There are many things that the Italians do well: food; soft-shouldered, unstructured tailoring; Baroque mid-century cinema. And of course, achingly beautiful, high-end mechanical design. Think luxury sports cars, motorcycles, and, if you’re into something a little smaller and bit more approachable, Panerai’s new Luminor Due watches.
First designed in 1950 for the Italian navy and worn by both officers and commandos for much of the mid-twentieth century, the Luminor quickly became a favorite among seafaring types and watch aficionados alike.
This was partly due to its clean, elegant design, but also thanks to a laundry list of technological innovations. The latter includes Panerai’s patented luminescent “Luminor” compound, which, aside from giving the watch its name, also dramatically increased its under-water visibility. The reinforced lugs made from the same block of steel as the case increased its water resistance, and the crown-protecting bridge made it even more durable—and gave it one of its most distinguishing features.
Though the original Luminor 1950 easily qualifies as a classic, the one drawback was its bulkiness. Enter the Luminor Due. First released in 2016, the Due preserves the styling of the original, but with a slimmer case, becomes much easier to wear. Despite its smaller package, it still retains many of its prized hallmarks (plus a few new ones).
Add the fact that it’s mechanical, and you have a timepiece that’s pretty hard to beat. Just in case you need a little more convincing, here’s more on what makes the Luminor Due a true modern classic.
It’s the Perfect Size for Every Wrist.
While some people like the heft of a bulky watch, not everyone is blessed with the meaty wrist of a professional baseball power hitter. That makes the Luminor Due a far more wearable watch than its predecessor. Measuring between 38 and 45 mm in diameter depending on the style, and with a case that’s nearly 40 percent slimmer than the original, this Luminor update is the thinnest and most versatile watch in Panerai’s lineup.
The mechanics of the newer Luminor Due range also take up less space, though it still has its iconic cushion-shaped case. The dial is classically minimalist, with Arabic numerals and, depending on the model, either baton-shaped indexes between them or the sportier Arabic-and-stick dial with luminous dots at the numbers.
It’s Italian Craftsmanship at Its Best.
Considering that Giovanni Panerai opened his first watchmaker’s shop on Ponte alle Grazie in Florence back in 1860, it’s safe to say that the company knows a thing or two about putting together a quality timepiece. From its state-of-the-art in-house made movements with an impressive 3-day power reserve to the introduction of the new quick release strap system, everything about the Luminor Due is executed to the most exacting detail.
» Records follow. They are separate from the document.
(* Is the pair of boxes in column j (both rows) an inversion pair?
   (c, c') must satisfy tau(c) < tau(c'); with two rows the only candidate
   ordered pair in column j < b is determined by which entry is smaller. *)
Definition inv_col (r1 r2 : seq nat) (j : nat) : bool :=
  let x := nth 0 r1 j in
  let y := nth 0 r2 j in
  if x < y then inv_tail (drop j.+1 r1) (drop j.+1 r2) false
  else if y < x then inv_tail (drop j.+1 r2) (drop j.+1 r1) true
  else false.

Definition num_inv (r1 r2 : seq nat) : nat :=
  count (inv_col r1 r2) (iota 0 (minn (size r1) (size r2))).

Definition in_S (k a b : nat) (mu : seq nat) (r1 r2 : seq nat) : bool :=
  [&& is_filling a b mu r1 r2, row_standard r1 r2 & num_inv r1 r2 == k].

(* All fillings with content mu have entries in 1..size mu, so they are
   enumerated by tuples of ordinals 'I_(size mu).+1. *)
Definition S_card (k a b : nat) (mu : seq nat) : nat :=
  #|[set t : (a.-tuple 'I_(size mu).+1) * (b.-tuple 'I_(size mu).+1) |
      in_S k a b mu (map val t.1) (map val t.2)]|.

From HB Require Import structures.
From mathcomp Require Import all_boot all_order all_algebra.
From mathcomp Require Import zify.
Set Implicit Arguments. Unset Strict Implicit. Unset Printing Implicit Defensive.
Import GRing.Theory Num.Theory.

(* Build the row-standard fillings by inserting the values in increasing order:
   the largest value M, of multiplicity 1 or 2, ends one row or both.  Reading
   the columns from the left, an inversion is decided by the next column with
   distinct entries, so appending M changes the inversion count only through
   the newly completed column, if any.  This gives Pascal-like recursions for
   the number of fillings of shape (a, b) with k inversions, which are also
   satisfied by the ballot differences C(A+B, B-k) - C(A+B, B-k-1) with
   A = a - m and B = b - m: a value of multiplicity 2 only shortens both rows.
   The closed form follows from (p+1) C(n, p+1) = (n-p) C(n, p). *)

(** * Inversions of a sequence of columns *)

(* [s] lists the columns (top, bottom) of the two-row part of a filling.  A
   column with distinct entries is an inversion iff the next column with
   distinct entries is ordered the other way; if there is none, [dflt] plays
   its role: [true] is the rule of [inv_col], [false] the rule once the two
   rows are exchanged. *)
Fixpoint first_lt (dflt : bool) (s : seq (nat * nat)) : bool :=
  if s is q :: s' then (if q.1 == q.2 then first_lt dflt s' else q.1 < q.2)
  else dflt.

Fixpoint inversions (dflt : bool) (s : seq (nat * nat)) : nat :=
  if s is p :: s' then
    ((p.1 != p.2) && (first_lt dflt s' != (p.1 < p.2))) + inversions dflt s'
  else 0.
Especially impressive in select models is the unique micro-rotor, which is mounted off-center—the first for an automatic movement—in order to reduce its overall diameter. Long story short, it’s a watch that functions every bit as good as it looks.
It’s Extremely Durable.
When you’re designing something intended for military use, durability is an absolute must.
On the Luminor Due, the brand uses AISI 316L stainless steel, Panerai’s top-of-the-line material that’s strong and highly corrosion resistant, but also hypoallergenic (and low carbon). Plus, with up to 30-meters of water resistance, the modern Due still retains the original’s naval bona fides—so it works for no matter what your maritime adventure involves: a dive in the ocean, or just a walk through a downpour without an umbrella.